Rootstocks of accession
Carrizo citrange, C-35 citrange
Season of ripeness at Riverside
October to November
Notes and observations
This is a pink-fleshed selection of 'Hirado Buntan'. According to the Citrus Industry, Vol I, p 536 (1967 edition), "Standard" 'Hirado Buntan' fruit are large, oblate, seedy, with slightly depressions at both ends. Flesh color is yellow when mature [note: this refers to the "standard" 'Hirado Buntan']. The medium-thick rind is smooth, glossy, and tightly adherent. The flesh is light greenish-yellow, tender, and moderately juicy. The segments are numerous with thin but tough carpellary membranes. Flavor is pleasant with well balance sugars and acids but with a trace of bitterness. Maturation is medium-early and storability is regarded as good. The trees are vigorous and medium-large in stature, with large, thick, broadly winged leaves. It is more cold-tolerant than most pummelos. 'Hirado Buntan' is the second most popular pummelo in Japan (after 'Banpeiyu'). According to Saunt (Citrus Varieties of the World, 2000, p 104), the pink-fleshed selection from Florida is now the preferred choice for planting. Saunt regards this selection as being of the highest quality outside of the eastern regions of Asia and to be the equal of 'Djeroek Deleema Kopjor' ('Pomelit') from South Africa. Information from Florida DPI indicates that this pink-fleshed selection has large fruit that are sweet and juicy, with around to oblate shape. The season (in Florida) is stated to be November through March, and the trees are stated to be alternate-bearing. (RRK, 08/2006)

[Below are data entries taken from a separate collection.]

(* For every precise separable two-sorted ultrametric space $X$ there is a uniformly continuous dc-embedding $e\colon X\to\overline{\mathbb U}$.
   Context: A two-sorted ultrametric space is $(X,d_X,D_X)$ with $D_X$ a linear order with least element $0$, $d_X\colon X\times X\to D_X$ symmetric, $d_X(x,y)=0\iff x=y$, $d_X(x,z)\le\max\{d_X(x,y),d_X(y,z)\}$; precise if $d_X$ is onto $D_X$. A dc-embedding is an injection on points with an order embedding $D_f$ of distance sets fixing $0$ such that $d(f(x),f(x'))=D_f(d(x,x'))$. The topology and uniformity of $X$ are generated by the open balls $B_r(a)=\{x:d(x,a)<r\}$, $r\in D_X\setminus\{0\}$; separable means having a countable dense subset. $\mathbb U$ is the countable rational Urysohn ultrametric space viewed as a two-sorted space with distance set $\mathbb Q_{\ge0}$, and $\overline{\mathbb U}$ is its Cauchy completion: the Cauchy complete two-sorted ultrametric space with distance set $\mathbb Q_{\ge0}$ containing $\mathbb U$ as a dense isometric subspace (Cauchy complete: every chain of balls containing, for every $r\in D\setminus\{0\}$, a member contained in some ball of radius $r$ has nonempty intersection). *)

From Stdlib Require List.
From mathcomp Require Import all_boot all_order all_algebra.
Set Implicit Arguments. Unset Strict Implicit. Unset Printing Implicit Defensive.
Import Order.TTheory GRing.Theory Num.Theory.

Section TwoSorted.
Context {X D : Type} (le : D -> D -> Prop) (z : D) (d : X -> X -> D).

Definition dlt (a b : D) : Prop := le a b /\ a <> b.

Definition linear_order : Prop :=
  [/\ (forall a, le a a),
      (forall a b, le a b -> le b a -> a = b),
      (forall a b c, le a b -> le b c -> le a c)
    & (forall a b, le a b \/ le b a)].

Definition two_sorted_ultrametric : Prop :=
  [/\ linear_order,
      (forall a, le z a),
      (forall x y, d x y = d y x),
      (forall x y, d x y = z <-> x = y)
    & (forall x y w, le (d x w) (d x y) \/ le (d x w) (d y w))].

Definition precise : Prop := forall r : D, exists x y, d x y = r.

Definition ball (a : X) (r : D) : X -> Prop := fun x => dlt (d x a) r.

(* topology generated by the open balls B_r(a), r in D \ {0}:
   U is open iff every point of U has a basic open neighbourhood inside U,
   basic opens being X itself (empty intersection) or a ball (in an
   ultrametric space finite intersections of balls are balls or empty). *)
Definition is_open (U : X -> Prop) : Prop :=
  forall x, U x ->
    (forall y, U y) \/
    exists a r, r <> z /\ ball a r x /\ (forall y, ball a r y -> U y).

Definition dense (S : X -> Prop) : Prop :=
  forall U, is_open U -> (exists x, U x) -> exists x, U x /\ S x.

Definition countable_set (S : X -> Prop) : Prop :=
  exists f : nat -> option X, forall x, S x <-> exists n, f n = Some x.

Definition separable : Prop :=
  exists S, countable_set S /\ dense S.

Definition entourage (E : X -> X -> Prop) : Prop :=
  exists rs : seq D, (forall r, List.In r rs -> r <> z) /\
    forall x y, (forall r, List.In r rs -> dlt (d x y) r) -> E x y.

Definition is_ball (B : X -> Prop) : Prop :=
  exists a r, r <> z /\ forall x, B x <-> ball a r x.

Definition chain_of_balls (C : (X -> Prop) -> Prop) : Prop :=
  (forall B, C B -> is_ball B) /\
  (forall B B', C B -> C B' ->
     (forall x, B x -> B' x) \/ (forall x, B' x -> B x)).

Definition cauchy_complete : Prop :=
  forall C, chain_of_balls C ->
    (forall r, r <> z -> exists B, C B /\ exists a, forall x, B x -> ball a r x) ->
    exists x, forall B, C B -> B x.

End TwoSorted.

Section Maps.
Context {X DX Y DY : Type}
  (leX : DX -> DX -> Prop) (zX : DX) (dX : X -> X -> DX)
  (leY : DY -> DY -> Prop) (zY : DY) (dY : Y -> Y -> DY).

Definition dc_embedding (f : X -> Y) (Df : DX -> DY) : Prop :=
  [/\ (forall x x', f x = f x' -> x = x'),
      (forall a b, leX a b <-> leY (Df a) (Df b)),
      Df zX = zY
    & (forall x x', dY (f x) (f x') = Df (dX x x'))].

Definition uniformly_continuous (f : X -> Y) : Prop :=
  forall E, entourage leY zY dY E ->
    entourage leX zX dX (fun x x' => E (f x) (f x')).

End Maps.

Definition qnn : Type := {q : rat | (0 <= q)%R}.
Definition qle (a b : qnn) : Prop := (sval a <= sval b)%R.
Definition q0 : qnn := exist (fun q : rat => (0 <= q)%R) 0%R (lexx 0%R).

(* The countable rational Urysohn ultrametric space U (as a two-sorted
   space with distance set Q_{>=0}), characterized as the Fraisse limit of
   finite ultrametric spaces with rational distances: a countable
   ultrametric space with Q_{>=0}-valued distances having the one-point
   extension property. *)
Definition rational_urysohn_ultrametric (U : Type) (dU : U -> U -> qnn) : Prop :=
  [/\ two_sorted_ultrametric qle q0 dU,
      (exists f : nat -> option U, forall x, exists n, f n = Some x)
    & (forall (A : seq U) (q : U -> qnn),
         (forall a, List.In a A -> q a <> q0) ->
         (forall a b, List.In a A -> List.In b A ->
            (qle (dU a b) (q a) \/ qle (dU a b) (q b)) /\
            (qle (q a) (dU a b) \/ qle (q a) (q b))) ->
         exists u, forall a, List.In a A -> dU u a = q a)].

Definition cauchy_completion_of (U : Type) (dU : U -> U -> qnn)
  (Ubar : Type) (dUb : Ubar -> Ubar -> qnn) (iU : U -> Ubar) : Prop :=
  [/\ two_sorted_ultrametric qle q0 dUb,
      cauchy_complete qle q0 dUb,
      (forall x y, dUb (iU x) (iU y) = dU x y)
    & dense qle q0 dUb (fun p => exists x, p = iU x)].

(* Separability and precision make the distance set D countable: every
   distance is already realised between two points of a dense sequence.  A
   countable linear order with a least element embeds into Q>=0, and by
   forcing ever smaller values at each new minimum of an enumeration the
   embedding De tends to 0 at the bottom of D, which is what uniform
   continuity needs.  Through De, X becomes a rational ultrametric space; the
   one-point extension property of U embeds the dense sequence isometrically
   into U, and Cauchy completeness of Ubar extends this isometry to X. *)

From mathcomp Require Import all_boot all_order all_algebra.
From mathcomp Require Import lra zify.
From Stdlib Require Import Classical ClassicalEpsilon.
From Stdlib Require List.
Set Implicit Arguments. Unset Strict Implicit. Unset Printing Implicit Defensive.
Import Order.TTheory GRing.Theory Num.Theory.

Lemma ltnS_split i n : i < n.+1 -> i = n \/ i < n.
Proof. by rewrite ltnS leq_eqVlt => /orP [/eqP|]; [left|right]. Qed.

Section RecursiveChoice.
Variables (T : Type) (t0 : T) (good : nat -> (nat -> T) -> T -> Prop).
Hypothesis good_prefix : forall n f f' v,
  (forall i, i < n -> f i = f' i) -> good n f v -> good n f' v.
Hypothesis good_step : forall n f,
  (forall k, k < n -> good k f (f k)) -> exists v, good n f v.

Fixpoint choice_prefix (n : nat) : nat -> T :=
  if n is m.+1 then
    fun i => if i < m then choice_prefix m i
             else epsilon (inhabits t0) (good m (choice_prefix m))
  else fun _ => t0.

Lemma recursive_choice : exists u : nat -> T, forall n, good n u (u n).
Proof.
pose u i := choice_prefix i.+1 i; exists u.
have prefix_u m i : i < m -> choice_prefix m i = u i.
  elim: m => // m IH /ltnS_split [-> //|im].
  by rewrite /= im IH.
elim/ltn_ind=> n IH.
have good_pre : forall k, k < n -> good k (choice_prefix n) (choice_prefix n k).
  move=> k kn; rewrite prefix_u //; apply: good_prefix (IH k kn) => i ik.
  by rewrite prefix_u // (ltn_trans ik).
have un : good n (choice_prefix n) (u n).
  rewrite /u /= ltnn; apply: epsilon_spec; exact: good_step good_pre.
by apply: good_prefix un => i /prefix_u.
Qed.

End RecursiveChoice.

Lemma ex_attained_max {disp : Order.disp_t} {T : orderType disp} (f : nat -> T)
    (A : nat -> Prop) n :
  (exists2 i, i < n & A i) ->
  exists2 i, i < n /\ A i & forall j, j < n -> A j -> (f j <= f i)%O.
Proof.
elim: n => [[]//|n IH] exA.
case: (classic (exists2 i, i < n & A i)) => [/IH [i [i_n Ai] imax]|none].
  case: (classic (A n /\ (f i <= f n)%O)) => [[An fin]|/not_and_or fni].
    exists n => // j /ltnS_split [->|j_n Aj] //; exact: le_trans (imax j j_n Aj) fin.
  exists i; first by split=> //; apply: ltnW.
  move=> j /ltnS_split [-> An|]; last exact: imax.
  by case: fni => // /negP; rewrite -ltNge => /ltW.
have An : A n.
  by case: exA => i /ltnS_split [<-|i_n Ai] //; exfalso; apply: none; exists i.
by exists n => // j /ltnS_split [->|j_n Aj] //; exfalso; apply: none; exists j.
Qed.

Section LinearOrder.
Context {D : Type} (le : D -> D -> Prop).
Hypothesis le_lin : linear_order le.

Lemma lin_refl a : le a a. Proof. by case: le_lin. Qed.
Lemma lin_anti a b : le a b -> le b a -> a = b. Proof. by case: le_lin => _ h *; apply: h. Qed.
Lemma lin_trans a b c : le a b -> le b c -> le a c.
Proof. by case: le_lin => _ _ h _; apply: h. Qed.
Lemma lin_total a b : le a b \/ le b a. Proof. by case: le_lin. Qed.

Lemma dlt_le_trans a b c : dlt le a b -> le b c -> dlt le a c.
Proof.
case=> ab nab bc; split; first exact: lin_trans bc.
by move=> ac; subst; apply: nab; apply: lin_anti.
Qed.

Lemma le_dlt_trans a b c : le a b -> dlt le b c -> dlt le a c.
Proof.
move=> ab [bc nbc]; split; first exact: lin_trans bc.
by move=> ac; subst; apply: nbc; apply: lin_anti.
Qed.

Lemma dlt_trans a b c : dlt le a b -> dlt le b c -> dlt le a c.
Proof. by move=> ab [bc _]; apply: dlt_le_trans bc. Qed.

Lemma dlt_irr a : ~ dlt le a a. Proof. by case. Qed.

Lemma dlt_nle a b : dlt le a b -> ~ le b a.
Proof. by case=> ab nab ba; apply: nab; apply: lin_anti. Qed.

Lemma nle_dlt a b : ~ le a b -> dlt le b a.
Proof.
move=> nab; split; first by case: (lin_total a b).
by move=> ba; subst; apply: nab; apply: lin_refl.
Qed.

Description from The Citrus Industry Vol. 1 (1967)
"Fruit large, oblate, slightly depressed at both ends; seedy. Color bright yellow when mature. Rind medium thick; surface smooth and glossy; tightly adherent. Segments numerous and carpellary membranes thin but tough. Flesh light greenish-yellow; tender and moderately juicy; flavor a pleasant blend of sugar and acid with trace of bitterness. Medium-early in maturity but stores well.
Tree vigorous, medium-large; leaves large, thick, and broadly winged. More cold-resistant than most pummelos.
This variety originated as a chance seedling in Nagasaki Prefecture of Japan, was named and introduced about 1910, and is currently second in importance there."